---- Given information

Lemma witness_tensor_left_kernel (g : IT G16 -> C) :
  (forall s, \sum_t g t * beta_entry witness_tensor t s = 0) ->
  forall t, g t = g (out16 0 3) *
    (((t i0 : nat), (t i1 : nat)) \in [:: (0, 3); (1, 0)]%N)%:R.
Proof.
move/witness_tensor_column => col.
have oppr0_eq (x : C) : - x = 0 -> x = 0 by move=> nx; rewrite -[x]opprK nx oppr0.
have g24 : g (out16 2 4) = 0 by apply: oppr0_eq; have := col 4 1 isT isT; expand_sums.
have g22 : g (out16 2 2) = 0 by apply: oppr0_eq; have := col 4 2 isT isT; expand_sums.
have g23 : g (out16 2 3) = 0 by apply: oppr0_eq; have := col 1 0 isT isT; expand_sums.
have g13 : g (out16 1 3) = 0 by apply: oppr0_eq; have := col 2 0 isT isT; expand_sums.
have g14 : g (out16 1 4) = 0 by apply: oppr0_eq; have := col 2 2 isT isT; expand_sums.
have g04 : g (out16 0 4) = 0 by have := col 3 1 isT isT; expand_sums.
have g02 : g (out16 0 2) = 0 by have := col 3 2 isT isT; expand_sums.
have g20 : g (out16 2 0) = 0 by have := col 4 0 isT isT; expand_sums; rewrite g24 addr0.
have g21 : g (out16 2 1) = 0.
  by apply: oppr0_eq; have := col 1 1 isT isT; expand_sums; rewrite g22 addr0.
have g00 : g (out16 0 0) = 0.
  by apply: oppr0_eq; have := col 3 0 isT isT; expand_sums; rewrite g04 subr0.
have g12 : g (out16 1 2) = 0.
  by apply: oppr0_eq; have := col 0 2 isT isT; expand_sums; rewrite g04 oppr0 add0r.
have g11 : g (out16 1 1) = 0.
  by apply: oppr0_eq; have := col 2 1 isT isT; expand_sums; rewrite g12 addr0.
have g01 : g (out16 0 1) = 0.
  by apply: oppr0_eq; have := col 0 1 isT isT; expand_sums; rewrite g02 g14 addr0 subr0.
have g10 : g (out16 1 0) = g (out16 0 3).
  by have := col 0 0 isT isT; expand_sums; rewrite g14 addr0 addrC => /eqP; rewrite subr_eq0 => /eqP.
case: out16_bij => p out16K pK t; rewrite -[t]pK; case: (p t) => -[a ha] [b hb] /=.
rewrite out16E0 // out16E1 //.
by case: a ha => [|[|[|]]] // ? ; case: b hb => [|[|[|[|[|]]]]] // ?;
  rewrite /= ?(mulr1, mulr0, g00, g01, g02, g04, g10, g11, g12, g13, g14, g20, g21, g22, g23, g24).
Qed.

Lemma rank_beta16_witness_tensor : \rank (beta witness_tensor) = 14%N.
Proof.
apply/eqP; rewrite eqn_leq rank_beta16_le /=.
have cardIT : #|{: IT G16}| = 15%N by rewrite -(bij_eq_card out16_bij) card_prod !card_ord.
apply: leq_trans (rank_fun_mx_ge (f := beta_entry witness_tensor)
  (w := fun t => (((t i0 : nat), (t i1 : nat)) \in [:: (0, 3); (1, 0)]%N)%:R) _).
  by rewrite cardIT.
by move=> g /witness_tensor_left_kernel; exists (g (out16 0 3)).
Qed.

End QMFWitness.

Lemma eq_gq_restr (I : gqsat_instance) (e : {set 'I_(gq_n I)}) (x y : gq_full I) :
  (forall v, v \in e -> x v = y v :> nat) -> gq_restr e x = gq_restr e y.
Proof. by move=> xy; apply/ffunP => w; rewrite !ffunE; apply/val_inj/xy/(valP w). Qed.

Local Notation E1 := [set q0; q1].
Local Notation E2 := [set q1; q2].
Local Notation full16 := (gq_full inst16).
Local Notation loc1 := (gq_loc (I := inst16) E1).
Local Notation loc2 := (gq_loc (I := inst16) E2).
Local Notation restr1 := (gq_restr (I := inst16) E1).
Local Notation restr2 := (gq_restr (I := inst16) E2).

Lemma dim16_gt0 (v : 'I_3) : (0 < gq_dim (g := inst16) v)%N.
Proof. by case: v => [[|[|[|]]]]. Qed.

Definition point16 (a b c : nat) : full16 :=
  dffun_of_nats dim16_gt0 (fun v => nth 0%N [:: a; b; c] v).

Lemma point16E a b c v : (a < 3)%N -> (b < 2)%N -> (c < 3)%N ->
  point16 a b c v = nth 0%N [:: a; b; c] v :> nat.
Proof. by move=> ha hb hc; rewrite dffun_of_natsE //; case: v => [[|[|[|]]]]. Qed.

Lemma point16_bij : bijective (fun p : 'I_3 * 'I_2 * 'I_3 => point16 p.1.1 p.1.2 p.2).
Proof.
exists (fun x : full16 => (x q0 : 'I_3, x q1 : 'I_2, x q2 : 'I_3)) => [[[a b] c] | x].
  congr (_, _, _); apply: ord_inj.
  - by rewrite (point16E q0) ?ltn_ord.
  - by rewrite (point16E q1) ?ltn_ord.
  - by rewrite (point16E q2) ?ltn_ord.
rewrite /=; apply: (dffun_of_natsK dim16_gt0) => -[[|[|[|]]] //= v];
  by rewrite (bool_irrelevance v isT).
Qed.

Definition point1 (a b : nat) : loc1 := restr1 (point16 a b 0).
Definition point2 (b c : nat) : loc2 := restr2 (point16 0 b c).

Lemma restr_point16_1 a b c : (a < 3)%N -> (b < 2)%N -> (c < 3)%N ->
  restr1 (point16 a b c) = point1 a b.
Proof.
move=> ha hb hc; apply: eq_gq_restr => v; rewrite !point16E // !inE -!val_eqE.
by case: v => [[|[|[|]]]].
Qed.

Lemma restr_point16_2 a b c : (a < 3)%N -> (b < 2)%N -> (c < 3)%N ->
  restr2 (point16 a b c) = point2 b c.
Proof.
move=> ha hb hc; apply: eq_gq_restr => v; rewrite !point16E // !inE -!val_eqE.
by case: v => [[|[|[|]]]].
Qed.

Lemma q0_E1 : q0 \in E1. Proof. by rewrite !inE eqxx. Qed.
Lemma q1_E1 : q1 \in E1. Proof. by rewrite !inE eqxx orbT. Qed.
Lemma q1_E2 : q1 \in E2. Proof. by rewrite !inE eqxx. Qed.
Lemma q2_E2 : q2 \in E2. Proof. by rewrite !inE eqxx orbT. Qed.

Lemma point1_bij : bijective (fun p : 'I_3 * 'I_2 => point1 p.1 p.2).
Proof.
exists (fun z : loc1 => (z (exist _ q0 q0_E1) : 'I_3, z (exist _ q1 q1_E1) : 'I_2)).
  move=> [a b]; congr pair; apply: ord_inj; rewrite ffunE.
    by rewrite (point16E q0) ?ltn_ord.
  by rewrite (point16E q1) ?ltn_ord.
move=> z; apply/ffunP => -[[[|[|[|]]] u] uE].
- have -> : exist (fun v => v \in E1) (Ordinal u) uE = exist _ q0 q0_E1 by do 2 apply: val_inj.
  by apply: ord_inj; rewrite ffunE (point16E q0) ?ltn_ord.
- have -> : exist (fun v => v \in E1) (Ordinal u) uE = exist _ q1 q1_E1 by do 2 apply: val_inj.
  by apply: ord_inj; rewrite ffunE (point16E q1) ?ltn_ord.
- by exfalso; move: uE; rewrite !inE -!val_eqE.
- by [].
Qed.

Lemma point2_bij : bijective (fun p : 'I_2 * 'I_3 => point2 p.1 p.2).
Proof.
exists (fun z : loc2 => (z (exist _ q1 q1_E2) : 'I_2, z (exist _ q2 q2_E2) : 'I_3)).
  move=> [b c]; congr pair; apply: ord_inj; rewrite ffunE.
    by rewrite (point16E q1) ?ltn_ord.
  by rewrite (point16E q2) ?ltn_ord.
move=> z; apply/ffunP => -[[[|[|[|]]] u] uE].
- by exfalso; move: uE; rewrite !inE -!val_eqE.
- have -> : exist (fun v => v \in E2) (Ordinal u) uE = exist _ q1 q1_E2 by do 2 apply: val_inj.
  by apply: ord_inj; rewrite ffunE (point16E q1) ?ltn_ord.
- have -> : exist (fun v => v \in E2) (Ordinal u) uE = exist _ q2 q2_E2 by do 2 apply: val_inj.
  by apply: ord_inj; rewrite ffunE (point16E q2) ?ltn_ord.
- by [].
Qed.

Lemma card_loc2 : #|{: loc2}| = 6%N.
Proof. by rewrite -(bij_eq_card point2_bij) card_prod !card_ord. Qed.

Section Sums.
Variable R : nmodType.

Lemma sum_point16 (G : full16 -> R) :
  \sum_x G x = \sum_(a < 3) \sum_(b < 2) \sum_(c < 3) G (point16 a b c).
Proof. by rewrite (reindex _ (onW_bij _ point16_bij)) sum_triple. Qed.

Lemma sum_point16_nat (G : full16 -> R) :
  \sum_x G x = \sum_(0 <= a < 3) \sum_(0 <= b < 2) \sum_(0 <= c < 3) G (point16 a b c).
Proof.
rewrite sum_point16 big_mkord; apply: eq_bigr => a _; rewrite big_mkord.
by apply: eq_bigr => b _; rewrite big_mkord.
Qed.

Lemma sum_point1 (G : loc1 -> R) : \sum_z G z = \sum_(a < 3) \sum_(b < 2) G (point1 a b).
Proof. by rewrite (reindex _ (onW_bij _ point1_bij)) sum_pair. Qed.

Lemma sum_point2 (G : loc2 -> R) : \sum_z G z = \sum_(b < 2) \sum_(c < 3) G (point2 b c).
Proof. by rewrite (reindex _ (onW_bij _ point2_bij)) sum_pair. Qed.

End Sums.

Definition j0 : 'I_2 := @Ordinal 2 0 isT.
Definition j1 : 'I_2 := @Ordinal 2 1 isT.

Lemma gq_H16 (C : numClosedFieldType) (P : gq_choice C inst16) : gq_H P = fun_mx (fun x y : full16 =>
  P j0 (enum_rank (restr1 x)) (enum_rank (restr1 y)) * (x q2 == y q2 :> nat)%:R +
  P j1 (enum_rank (restr2 x)) (enum_rank (restr2 y)) * (x q0 == y q0 :> nat)%:R).
Proof.
rewrite /gq_H big_ord_recl big_ord1.
have -> : ord0 = j0 by apply: val_inj.
have -> : lift j0 ord0 = j1 by apply: val_inj.
apply/matrixP => i k; rewrite !mxE; congr (_ * _%:R + _ * _%:R); congr (nat_of_bool _); rewrite /gq_edge /=.
- apply/idP/idP => [/forallP/(_ q2) | xy]; first by rewrite !inE.
  apply/forallP => -[[|[|[|]]] //= v]; rewrite (bool_irrelevance v isT) ?inE //.
- apply/idP/idP => [/forallP/(_ q0) | xy]; first by rewrite !inE.
  apply/forallP => -[[|[|[|]]] //= v]; rewrite (bool_irrelevance v isT) ?inE //.
Qed.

--------

Directions for this task: Look back at the entries above and repeat, unchanged, every line from the line holding "by rewrite (bool_irrelevance v isT)." through the line holding "Lemma point2_bij : bijective".

Result:
  by rewrite (bool_irrelevance v isT).
Qed.

Definition point1 (a b : nat) : loc1 := restr1 (point16 a b 0).
Definition point2 (b c : nat) : loc2 := restr2 (point16 0 b c).

Lemma restr_point16_1 a b c : (a < 3)%N -> (b < 2)%N -> (c < 3)%N ->
  restr1 (point16 a b c) = point1 a b.
Proof.
move=> ha hb hc; apply: eq_gq_restr => v; rewrite !point16E // !inE -!val_eqE.
by case: v => [[|[|[|]]]].
Qed.

Lemma restr_point16_2 a b c : (a < 3)%N -> (b < 2)%N -> (c < 3)%N ->
  restr2 (point16 a b c) = point2 b c.
Proof.
move=> ha hb hc; apply: eq_gq_restr => v; rewrite !point16E // !inE -!val_eqE.
by case: v => [[|[|[|]]]].
Qed.

Lemma q0_E1 : q0 \in E1. Proof. by rewrite !inE eqxx. Qed.
Lemma q1_E1 : q1 \in E1. Proof. by rewrite !inE eqxx orbT. Qed.
Lemma q1_E2 : q1 \in E2. Proof. by rewrite !inE eqxx. Qed.
Lemma q2_E2 : q2 \in E2. Proof. by rewrite !inE eqxx orbT. Qed.

Lemma point1_bij : bijective (fun p : 'I_3 * 'I_2 => point1 p.1 p.2).
Proof.
exists (fun z : loc1 => (z (exist _ q0 q0_E1) : 'I_3, z (exist _ q1 q1_E1) : 'I_2)).
  move=> [a b]; congr pair; apply: ord_inj; rewrite ffunE.
    by rewrite (point16E q0) ?ltn_ord.
  by rewrite (point16E q1) ?ltn_ord.
move=> z; apply/ffunP => -[[[|[|[|]]] u] uE].
- have -> : exist (fun v => v \in E1) (Ordinal u) uE = exist _ q0 q0_E1 by do 2 apply: val_inj.
  by apply: ord_inj; rewrite ffunE (point16E q0) ?ltn_ord.
- have -> : exist (fun v => v \in E1) (Ordinal u) uE = exist _ q1 q1_E1 by do 2 apply: val_inj.
  by apply: ord_inj; rewrite ffunE (point16E q1) ?ltn_ord.
- by exfalso; move: uE; rewrite !inE -!val_eqE.
- by [].
Qed.

Lemma point2_bij : bijective (fun p : 'I_2 * 'I_3 => point2 p.1 p.2).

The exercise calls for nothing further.